Страница 57 из 62
Каково же было мое горестное и негодующее изумление, когда через короткое время я в Монте-Карло получил от моего друга, художника Серова, кучу газетных вырезок о моей «монархической демонстрации!» В «Русском Слове», редактируемом моим приятелем Дорошевичем, я увидел чудесно сделанный рисунок, на котором я был изображен у суфлерской будки с высоко воздетыми руками и с широко раскрытым ртом. Под рисунком была надпись: «Монархическая демонстрация в Мариинском театре во главе с Шаляпиным». Если это писали в газетах, то что же, думал я, передается из уст в уста! Я, поэтому, нисколько не удивился грустной приписке Серова: «Что это за горе, что даже и ты кончаешь карачками. Постыдился бы».

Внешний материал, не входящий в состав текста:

Lemma congestion_le (r : routing N m) c : 0 <= c ->
  (forall i mm, load_in F r i mm <= c /\ load_out F r i mm <= c) ->
  congestion F r <= c.
Proof.
move=> c_ge0 loads_le; apply: bigmax_le => // i _; apply: bigmax_le => // mm _.
by have [? ?] := loads_le i mm; rewrite ge_max; apply/andP.
Qed.

Lemma routed_apart (r : routing N m) f1 f2 :
  (forall f, 0 <= dem (F f)) -> f1 != f2 ->
  (fin (F f1) == fin (F f2)) || (fout (F f1) == fout (F f2)) ->
  congestion F r < dem (F f1) + dem (F f2) -> r f1 != r f2.
Proof.
move=> dem_ge0 f12 share cong_lt; apply/eqP => r12; move: cong_lt; apply/negP.
rewrite -leNgt; have rest_ge0 P : 0 <= \sum_(f | P f) dem (F f) by exact: sumr_ge0.
case/orP: share => /eqP share.
  apply: le_trans (load_in_le_congestion r (fin (F f1)) (r f1)).
  rewrite /load_in (bigD1 f1) ?eqxx //= (bigD1 f2) /=; last first.
    by rewrite share r12 !eqxx eq_sym f12.
  by rewrite addrA lerDl rest_ge0.
apply: le_trans (load_out_le_congestion r (fout (F f1)) (r f1)).
rewrite /load_out (bigD1 f1) ?eqxx //= (bigD1 f2) /=; last first.
  by rewrite share r12 !eqxx eq_sym f12.
by rewrite addrA lerDl rest_ge0.
Qed.

Lemma OPT_eq (r0 : routing N m) c :
  congestion F r0 <= c -> (forall r, c <= congestion F r) -> OPT F = c.
Proof.
move=> r0_le le_cong; rewrite /OPT; case: pickP => [r1 _|]; last by move/(_ r0).
apply/eqP; rewrite eq_le; apply/andP; split.
  exact: bigmin_inf r0_le.
exact: le_bigmin.
Qed.

End Congestion.

Section ClosInstance.
Variable n : nat.

Definition unit_flow : finType := ('I_n.+2 + 'I_n.+2 * 'I_n.+1)%type.
Definition half_flow : finType := ('I_n.+2 + 'I_n.+1)%type.
Definition flow_index : finType := (unit_flow + half_flow)%type.

Local Notation fanout k := (inl (inl k)).
Local Notation filler k t := (inl (inr (k, t))).
Local Notation half_lo k := (inr (inl k)).
Local Notation half_hi k := (inr (inr k)).

Definition half_server (k : nat) : nat := k == 0%N.
Definition filler_server (k t : nat) : nat := bump (half_server k) t.

Definition src_switch (x : flow_index) : nat :=
  match x with
  | fanout _ => 0 | filler k _ => k.+1 | half_lo k => k.+1 | half_hi k => k.+1
  end.
Definition src_server (x : flow_index) : nat :=
  match x with
  | fanout k => k | filler k t => filler_server k t
  | half_lo k => half_server k | half_hi k => half_server k
  end.
Definition dst_switch (x : flow_index) : nat :=
  match x with
  | fanout k => k | filler k t => if filler_server k t == k then n.+2 else k
  | half_lo k => k | half_hi k => k.+1
  end.
Definition dst_server (x : flow_index) : nat :=
  match x with
  | inl _ => src_server x | half_lo k => half_server k | half_hi k => half_server k.+1
  end.
Definition demand (x : flow_index) : rat := if x is inl _ then 1 else 1 / 2.

Lemma demand_gt0 x : 0 < demand x.
Proof. by case: x => ? /=; lra. Qed.

Ltac flow_arith :=
  simpl; unfold filler_server, half_server, bump;
  repeat match goal with |- context [if ?b then _ else _] => case: (boolP b) end;
  lia.

Lemma src_switch_le x : (src_switch x <= n.+2)%N.
Proof. by case: x => [[[k ?]|[[k ?] [t ?]]]|[[k ?]|[k ?]]]; flow_arith. Qed.
Lemma dst_switch_le x : (dst_switch x <= n.+2)%N.
Proof. by case: x => [[[k ?]|[[k ?] [t ?]]]|[[k ?]|[k ?]]]; flow_arith. Qed.
Lemma src_server_lt x : (src_server x < n.+2)%N.
Proof. by case: x => [[[k ?]|[[k ?] [t ?]]]|[[k ?]|[k ?]]]; flow_arith. Qed.
Lemma dst_server_lt x : (dst_server x < n.+2)%N.
Proof. by case: x => [[[k ?]|[[k ?] [t ?]]]|[[k ?]|[k ?]]]; flow_arith. Qed.

(* Under routing by source server the load of I_i M_m is the demand of the
   [in_key] fiber over (i, m) and that of M_m O_i the [out_key] fiber; the
   [in_key] and [dst_key] fibers are the flows of one source, resp. destination,
   server. *)
Definition in_key (x : flow_index) := (src_switch x, src_server x).
Definition out_key (x : flow_index) := (dst_switch x, src_server x).
Definition dst_key (x : flow_index) := (dst_switch x, dst_server x).

Definition unit_code (u : unit_flow) : nat * nat :=
  match u with inl k => (0%N, val k) | inr (k, t) => (k.+1, val t) end.

Lemma unit_code_inj : injective unit_code.
Proof.
move=> [k1|[k1 t1]] [k2|[k2 t2]] [] //; first by move=> /val_inj ->.
by move=> /val_inj -> /val_inj ->.
Qed.

Lemma unit_key_inj (K : unit_flow -> nat * nat) :
  (forall u1 u2, K u1 == K u2 -> unit_code u1 == unit_code u2) -> injective K.
Proof. by move=> K_code u1 u2 /eqP /K_code /eqP /unit_code_inj. Qed.

Lemma in_key_unit_inj : injective (fun u : unit_flow => in_key (inl u)).
Proof.
apply: unit_key_inj => -[[k1 ?]|[[k1 ?] [t1 ?]]] [[k2 ?]|[[k2 ?] [t2 ?]]];
  rewrite /= !xpair_eqE; flow_arith.
Qed.

Lemma out_key_unit_inj : injective (fun u : unit_flow => out_key (inl u)).
Proof.
apply: unit_key_inj => -[[k1 ?]|[[k1 ?] [t1 ?]]] [[k2 ?]|[[k2 ?] [t2 ?]]];
  rewrite /= !xpair_eqE; flow_arith.
Qed.

Lemma in_key_unit_half u h : in_key (inl u) != in_key (inr h).
Proof.
case: u h => [[k ?]|[[k ?] [t ?]]] [[k' ?]|[k' ?]];
  rewrite /in_key /= ?xpair_eqE //; flow_arith.
Qed.

Lemma dst_key_unit_half u h : dst_key (inl u) != dst_key (inr h).
Proof.
case: u h => [[k ?]|[[k ?] [t ?]]] [[k' ?]|[k' ?]];
  rewrite /dst_key /= ?xpair_eqE //; flow_arith.
Qed.
Lemma slices_agree_definable Y Y' :
  definable (fun xi => forall x, slice M Y xi x <-> slice M Y' xi x).
Proof.
  exists (fAll (fiff (fslice 0 (tvar 1) (tvar 0)) (fslice 1 (tvar 1) (tvar 0)))),
         (fun _ => zero M), (scons Y (fun _ => Y')).
  intro xi. cbn [feval]. setoid_rewrite feval_fiff. setoid_rewrite feval_fslice. reflexivity.
Qed.

Section Recursion.
Variables (phi : form) (e : nat -> N M) (ps : nat -> St M).

Lemma TR_le lam a Y : TR M phi e ps L lam Y -> leL M L a lam -> TR M phi e ps L a Y.
Proof. intros H Ha xi Hxi. apply H. eapply leL_trans; eauto. Qed.

Lemma TR_unique_slice a Y Y' : inField M L a ->
  TR M phi e ps L a Y -> TR M phi e ps L a Y' ->
  forall xi, leL M L xi a -> forall x, slice M Y xi x <-> slice M Y' xi x.
Proof.
  intros Ha HY HY' xi Hxi.
  apply (wo_induction a (fun z => forall x, slice M Y z x <-> slice M Y' z x));
    eauto using leL_field, slices_agree_definable.
  intros z _ Hza IH x. rewrite (HY z Hza), (HY' z Hza).
  apply phiE_ext, restr_ext. exact IH.
Qed.

Lemma TR_unique_restr a Y Y' : inField M L a ->
  TR M phi e ps L a Y -> TR M phi e ps L a Y' ->
  forall t, restr M L a Y t <-> restr M L a Y' t.
Proof.
  intros Ha HY HY'. apply restr_ext. intros eta Heta.
  apply (TR_unique_slice a); auto. left; exact Heta.
Qed.

Lemma phiE_restr_definable xi X : definable (fun y => phiE M phi e ps y (restr M L xi X)).
Proof.
  exists (fbelow 0 phi), (scons xi e), (scons X (scons L ps)). intro y. apply feval_fbelow0.
Qed.

Lemma stage_correct_definable X :
  definable (fun xi => forall x, slice M X xi x <-> phiE M phi e ps x (restr M L xi X)).
Proof.
  exists (fAll (fiff (fslice 0 (tvar 1) (tvar 0)) (fbelow 0 phi))), e, (scons X (scons L ps)).
  intro xi. cbn [feval]. setoid_rewrite feval_fiff. setoid_rewrite feval_fslice.
  setoid_rewrite feval_fbelow0. reflexivity.
Qed.
(* Let $f\in\{0,1\}^n$ have a $2$-tilde-error overlap of shift $r$ with error positions $i<j$ and operations $O_i,O_j$. Then the word $\tilde\alpha_r(f)=\mathrm{pre}_r(f)\,O_i(f)$ is $f$-free.
   Context: Words are over $\{0,1\}$. For $w$ of length $n$: $w[k]$ is its $k$-th symbol, $\mathrm{pre}_l(w)=w[1..l]$ and $\mathrm{suf}_l(w)=w[n-l+1..n]$. A word is $f$-free if it does not contain $f$ as a factor. Operations: the replacement $R_i$ flips the symbol at position $i$. The swap $S_i$ is defined when $w[i]\ne w[i+1]$ and exchanges these two symbols. $\mathrm{dist}_\sim(u,v)$ is the minimum number of replacements and swaps transforming $u$ into the equal-length word $v$. A tilde-transformation is minimal if it uses exactly $\mathrm{dist}_\sim$ operations and modifies each position at most once. $f$ has a $2$-tilde-error overlap of length $l=n-r$ (with $1\le l\le n-1$; $r$ is the shift) if $\mathrm{dist}_\sim(\mathrm{pre}_l(f),\mathrm{suf}_l(f))=2$. In that case fix a minimal tilde-transformation from $\mathrm{pre}_l(f)$ to $\mathrm{suf}_l(f)$. It consists of two operations $O_i\in\{R_i,S_i\}$ and $O_j\in\{R_j,S_j\}$ acting at positions $i<j$ (the error positions). Since positions $1..l$ of $\mathrm{pre}_l(f)$ are positions of $f$, the words $O_i(f)$ and $O_j(f)$ are defined by applying the same operations to $f$. The overlap has type RR, SR, RS or SS according to whether $(O_i,O_j)$ is (replacement, replacement), (swap, replacement), (replacement, swap) or (swap, swap). *)

(* Binary words are [seq bool]; positions are 0-indexed
   internally (paper position k corresponds to index k-1). *)
From mathcomp Require Import all_boot.
Set Implicit Arguments. Unset Strict Implicit. Unset Printing Implicit Defensive.

Inductive op := Rep of nat | Swp of nat.

Definition op_pos (o : op) : nat := match o with Rep i => i | Swp i => i end.

Definition op_support (o : op) : seq nat :=
  match o with Rep i => [:: i] | Swp i => [:: i; i.+1] end.

Definition apply_op (o : op) (w : seq bool) : option (seq bool) :=
  match o with
  | Rep i => if i < size w then Some (set_nth false w i (~~ nth false w i)) else None
  | Swp i =>
      if (i.+1 < size w) && (nth false w i != nth false w i.+1)
      then Some (set_nth false (set_nth false w i (nth false w i.+1)) i.+1 (nth false w i))
      else None
  end.

Fixpoint apply_ops (os : seq op) (w : seq bool) : option (seq bool) :=
  match os with
  | [::] => Some w
  | o :: os' => obind (apply_ops os') (apply_op o w)
  end.

Definition transforms (os : seq op) (u v : seq bool) : Prop := apply_ops os u = Some v.

Definition tdist (u v : seq bool) (d : nat) : Prop :=
  size u = size v /\
  (exists os, size os = d /\ transforms os u v) /\
  (forall os, transforms os u v -> d <= size os).

Definition minimal_tt (os : seq op) (u v : seq bool) : Prop :=
  transforms os u v /\ tdist u v (size os) /\ uniq (flatten (map op_support os)).

Definition pre (l : nat) (w : seq bool) := take l w.
Definition suf (l : nat) (w : seq bool) := drop (size w - l) w.

Definition ffree (f w : seq bool) : bool := ~~ infix f w.

Definition two_tilde_overlap (f : seq bool) (r : nat) : Prop :=
  let l := size f - r in
  1 <= l <= size f - 1 /\ r <= size f /\ tdist (pre l f) (suf l f) 2.

From mathcomp Require Import all_boot.
From mathcomp Require Import zify.

Set Implicit Arguments.
Unset Strict Implicit.
Unset Printing Implicit Defensive.

(* Every defined operation flips exactly the symbols at its
   support ([i] for a replacement, [i] and [i+1] for a swap).  Hence a
   tilde-transformation modifying each position at most once turns
   pre_l(f) into suf_l(f) by flipping the positions of its support, so
   f[r+t] = f[t] xor [t in S_i ++ S_j] for t < l, where S_i, S_j are the
   supports of O_i, O_j; disjointness and i < j put S_i entirely before the
   position j of O_j and S_j from j on.  O_i is defined on f because it is
   defined on pre_l(f) (directly, or after the disjoint O_j).
   The word pre_r(f) O_i(f) has length r + n, so an occurrence of f sits at
   an offset p <= r.  At p = r it would equal O_i(f) <> f.  For p < r,
   comparing f[j] with f[j+r] through the occurrence (and through the
   overlap at p + j - r when p + j >= r) contradicts the error at j. *)

Lemma apply_op_flip (o : op) (w v : seq bool) : apply_op o w = Some v ->
  [/\ size v = size w, {in op_support o, forall k, k < size w} &
      forall k, nth false v k = nth false w k (+) (k \in op_support o)].
Proof.
case: o => i /=.
- case: ifP => // lt_i [<-]; split=> [|k|k]; rewrite ?inE.
  + by rewrite size_set_nth; apply/maxn_idPr.
  + by move/eqP->.
  + by rewrite nth_set_nth /=; case: eqP => [->|]; rewrite ?addbT ?addbF.
- case: ifP => // /andP[lt_i1 neq_i] [<-]; split=> [|k|k]; rewrite ?inE.
  + by rewrite !size_set_nth; lia.
  + by case/orP=> /eqP->; lia.
  + rewrite !nth_set_nth /=.
    have [->|ne1] := eqVneq k i.+1.
      by rewrite orbT addbT; case: (nth false w i) neq_i; case: (nth false w i.+1).
    rewrite orbF nth_set_nth /=.
    have [->|ne2] := eqVneq k i; last by rewrite addbF.
    by rewrite addbT; case: (nth false w i) neq_i; case: (nth false w i.+1).
Qed.

Definition ops_support (os : seq op) : seq nat := flatten (map op_support os).

Lemma op_support_uniq (o : op) : uniq (op_support o).
Proof. by case: o => i //=; rewrite inE neq_ltn ltnSn. Qed.

Lemma apply_ops_flip (os : seq op) (u v : seq bool) : apply_ops os u = Some v ->
  [/\ size v = size u, {in ops_support os, forall k, k < size u} &
      forall k, nth false v k = nth false u k (+) odd (count_mem k (ops_support os))].
Proof.
elim: os u => [u [<-]|o os IH u] /=; first by split=> // k; rewrite addbF.
case def_w: (apply_op o u) => [w|] //= /IH[size_v lt_os nth_v].
have [size_w lt_o nth_w] := apply_op_flip def_w.
rewrite /ops_support /=; split=> [|k|k]; first by rewrite size_v.
- by rewrite mem_cat => /orP[/lt_o // | /lt_os]; rewrite size_w.
- by rewrite nth_v nth_w count_cat oddD (count_uniq_mem _ (op_support_uniq o)) oddb addbA.
Qed.

Lemma transforms_uniq_flip (os : seq op) (u v : seq bool) :
  transforms os u v -> uniq (ops_support os) ->
  [/\ size v = size u, {in ops_support os, forall k, k < size u} &
      forall k, nth false v k = nth false u k (+) (k \in ops_support os)].
Proof.
move=> /apply_ops_flip[size_v lt_os nth_v] uniq_os; split=> // k.
by rewrite nth_v count_uniq_mem // oddb.
Qed.

Lemma apply_op_local (o : op) (w w' v : seq bool) : apply_op o w = Some v ->
  size w <= size w' -> {in op_support o, forall k, nth false w' k = nth false w k} ->
  exists v', apply_op o w' = Some v'.
Proof.
case: o => i /= + le_w eq_w.
- by case: ifP => // lt_i _; rewrite ifT; [by eexists | lia].
- case: ifP => // /andP[lt_i1 neq_i] _.
  rewrite !eq_w ?inE ?eqxx ?orbT // neq_i ifT; [by eexists | lia].
Qed.

Lemma apply_op_prefix (o : op) (l : nat) (w v : seq bool) :
  apply_op o (take l w) = Some v -> exists v', apply_op o w = Some v'.
Proof.
move=> def_v; have [_ lt_o _] := apply_op_flip def_v.
apply: (apply_op_local def_v); first by rewrite size_take_min geq_minr.
by move=> k /lt_o; rewrite size_take_min leq_min => /andP[lt_kl _]; rewrite nth_take.
Qed.

Lemma apply_op_disjoint_skip (o1 o2 : op) (w v x : seq bool) :
  apply_op o1 w = Some v -> apply_op o2 v = Some x ->
  uniq (op_support o1 ++ op_support o2) -> exists y, apply_op o2 w = Some y.
Proof.
move=> def_v def_x; rewrite cat_uniq => /and3P[_ /hasPn disj _].
have [size_v _ nth_v] := apply_op_flip def_v.
apply: (apply_op_local def_x); first by rewrite size_v.
by move=> k /disj /negbTE k_notin; rewrite nth_v k_notin addbF.
Qed.

Lemma op_pos_support (o : op) : op_pos o \in op_support o.
Proof. by case: o => i; rewrite /= inE eqxx. Qed.

Lemma op_support_ge (o : op) : {in op_support o, forall k, op_pos o <= k}.
Proof. by case: o => i k /=; rewrite !inE; [move/eqP-> | case/orP=> /eqP->]. Qed.

Lemma op_support_before (o1 o2 : op) :
  uniq (op_support o1 ++ op_support o2) -> op_pos o1 < op_pos o2 ->
  {in op_support o1, forall k, k < op_pos o2}.
Proof.
rewrite cat_uniq => /and3P[_ /hasPn disj _] lt_pos k.
have /disj pos2_notin := op_pos_support o2.
clear disj; case: o1 lt_pos pos2_notin => i /=; rewrite !inE => lt_pos.
- by move=> _ /eqP->.
- by rewrite negb_or => /andP[ne_i ne_i1] /orP[] /eqP->; lia.
Qed.

Definition occurs_at (f u : seq bool) (p : nat) : Prop :=
  forall t, t < size f -> nth false f t = nth false u (p + t).

Lemma infix_occurs_at (f u : seq bool) :
  infix f u -> exists2 p, p + size f <= size u & occurs_at f u p.
Proof.
case/infixP=> [s [s' ->]]; exists (size s); first by rewrite !size_cat leq_add2l leq_addr.
by move=> t lt_t; rewrite nth_cat ltnNge leq_addr addKn /= nth_cat lt_t.
Qed.

Section ShiftedWordIsFree.

Variables (f w : seq bool) (r i j : nat) (Si Sj : seq nat).

Hypothesis j_lt : j < size f - r.
Hypothesis i_in : i \in Si.
Hypothesis j_in : j \in Sj.
Hypothesis Si_before : {in Si, forall k, k < j}.
Hypothesis Sj_from : {in Sj, forall k, j <= k}.
Hypothesis overlap : forall t, t < size f - r ->
  nth false f (r + t) = nth false f t (+) ((t \in Si) || (t \in Sj)).
Hypothesis size_w : size w = size f.
Hypothesis nth_w : forall k, nth false w k = nth false f k (+) (k \in Si).

Let alpha := take r f ++ w.

Lemma notin_Si k : j <= k -> (k \in Si) = false.
Proof. by move=> le_jk; apply/negP => /Si_before; lia. Qed.

Lemma notin_Sj k : k < j -> (k \in Sj) = false.
Proof. by move=> lt_kj; apply/negP => /Sj_from; lia. Qed.

Lemma nth_alpha k : nth false alpha k =
  if k < r then nth false f k else nth false f (k - r) (+) (k - r \in Si).
Proof.
rewrite nth_cat size_takel; last by lia.
by case: ifP => lt_kr; rewrite ?nth_take ?nth_w.
Qed.

(* At offset [r] the occurrence would be [w] itself, but [w] differs from
   [f] at position [i]. *)
Lemma not_occurs_at_shift : ~ occurs_at f alpha r.
Proof.
move=> occ; have lt_i : i < size f by have := Si_before i_in; lia.
have := occ i lt_i; rewrite nth_alpha ifF; last by lia.
by rewrite addKn i_in; case: (nth false f i).
Qed.

(* Before offset [r], comparing the symbols at [j] and [j + r] (and at
   [p + j - r] when [p + j] reaches into [w]) contradicts the error at [j]. *)
Lemma not_occurs_before_shift p : p < r -> ~ occurs_at f alpha p.
Proof.
move=> lt_pr occ.
have err_j : nth false f (r + j) = ~~ nth false f j.
  by rewrite overlap // notin_Si // j_in orbT addbT.
have at_jr : nth false f (r + j) = nth false f (p + j).
  rewrite addnC occ; last by lia.
  by rewrite nth_alpha ifF; [rewrite (_ : _ - r = p + j) ?notin_Si ?addbF | ]; lia.
have := occ j ltac:(lia); rewrite nth_alpha.
case: ifP => lt_pjr at_j.
  by move: err_j; rewrite at_jr -at_j; case: (nth false f j).
have at_pj : nth false f (p + j) = nth false f (p + j - r) (+) (p + j - r \in Si).
  by rewrite -{1}(subnKC (_ : r <= p + j)) ?overlap ?notin_Sj ?orbF; lia.
by move: err_j; rewrite at_jr at_pj -at_j; case: (nth false f j).
Qed.

Theorem shifted_word_free : ffree f alpha.
Proof.
apply/negP => /infix_occurs_at[p le_p occ].
move: le_p; rewrite size_cat size_takel ?size_w; last by lia.
rewrite leq_add2r leq_eqVlt => /orP[/eqP eq_pr | lt_pr].
- by apply: not_occurs_at_shift; rewrite -eq_pr.
- exact: not_occurs_before_shift lt_pr occ.
Qed.

End ShiftedWordIsFree.

Theorem lemma3 (f : seq bool) (r : nat) (os : seq op) (Oi Oj : op) :
  two_tilde_overlap f r ->
  minimal_tt os (pre (size f - r) f) (suf (size f - r) f) ->
  (os = [:: Oi; Oj] \/ os = [:: Oj; Oi]) ->
  op_pos Oi < op_pos Oj ->
  exists w, apply_op Oi f = Some w /\ ffree f (pre r f ++ w).
Proof.
move=> _ [tr_os [_ uniq_os]] def_os lt_ij; set l := size f - r in tr_os *.
have [_ lt_os flip_os] := transforms_uniq_flip tr_os uniq_os.
have mem_os t : (t \in ops_support os) = (t \in op_support Oi) || (t \in op_support Oj).
  by case: def_os => ->; rewrite /ops_support /= cats0 mem_cat // orbC.
have uniq_ij : uniq (op_support Oi ++ op_support Oj).
  by case: def_os uniq_os => ->; rewrite /ops_support /= cats0 // uniq_catC.
(* [Oi] is defined on pre_l(f) (possibly after [Oj]), hence on [f] *)
have [v def_v] : exists v, apply_op Oi (pre l f) = Some v.
  case: def_os tr_os => -> /=; rewrite /transforms /=.
  - by case: (apply_op Oi (pre l f)) => [a|] // _; exists a.
  - case def_a: (apply_op Oj (pre l f)) => [a|] //=.
    case def_b: (apply_op Oi a) => [b|] //= _.
    by apply: (apply_op_disjoint_skip def_a def_b); rewrite uniq_catC.
have [w def_w] := apply_op_prefix def_v.
have [size_w _ nth_w] := apply_op_flip def_w.
have lt_jl : op_pos Oj < l.
  by rewrite -[l](size_takel (leq_subr r _)) lt_os // mem_os op_pos_support orbT.
exists w; split=> //.
apply: (shifted_word_free (i := op_pos Oi) (j := op_pos Oj)) => //.
- exact: op_pos_support.
- exact: op_pos_support.
- exact: op_support_before.
- exact: op_support_ge.
- move=> t lt_tl; have := flip_os t; rewrite -mem_os /suf /pre nth_take // nth_drop.
  by rewrite (_ : size f - l = r) //; lia.
Qed.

Я Серову написал, что напрасно он поверил вздорным сплетням, и пожурил его за записку. Но весть о моей «измене народу» достигла, между тем, и департамента Морских Альп. Возвращаясь как-то из Ниццы в Монте-Карло, я сидел в купэ и беседовал с приятелем. Как вдруг какие то молодые люди, курсистки, студенты, а может быть и приказчики, вошедшие в вагон, стали наносить мне всевозможныя оскорбления:
— Лакей!
— Мерзавец!
— Предатель!
Я захлопнул дверь купэ. Тогда молодые люди наклеили на окно бумажку, на которой крупными буквами было написано:
— Холоп!
Когда я, разсказывая об этом моим русским приятелям, спрашиваю их, зачем эти люди меня оскорбляли, они до сих пор отвечают:
— Потому, что они гордились Вами и любили Вас.
Странная, слюнявая какая то любовь!
Конечно, это были молодые люди. Они позволили себе свой дикий поступок по крайнему невежеству и по сомнительному воспитанию. Но как было мне обяснить поведение других, действительно, культурных людей, которых тысячи людей уважають и ценят, как учителей жизни?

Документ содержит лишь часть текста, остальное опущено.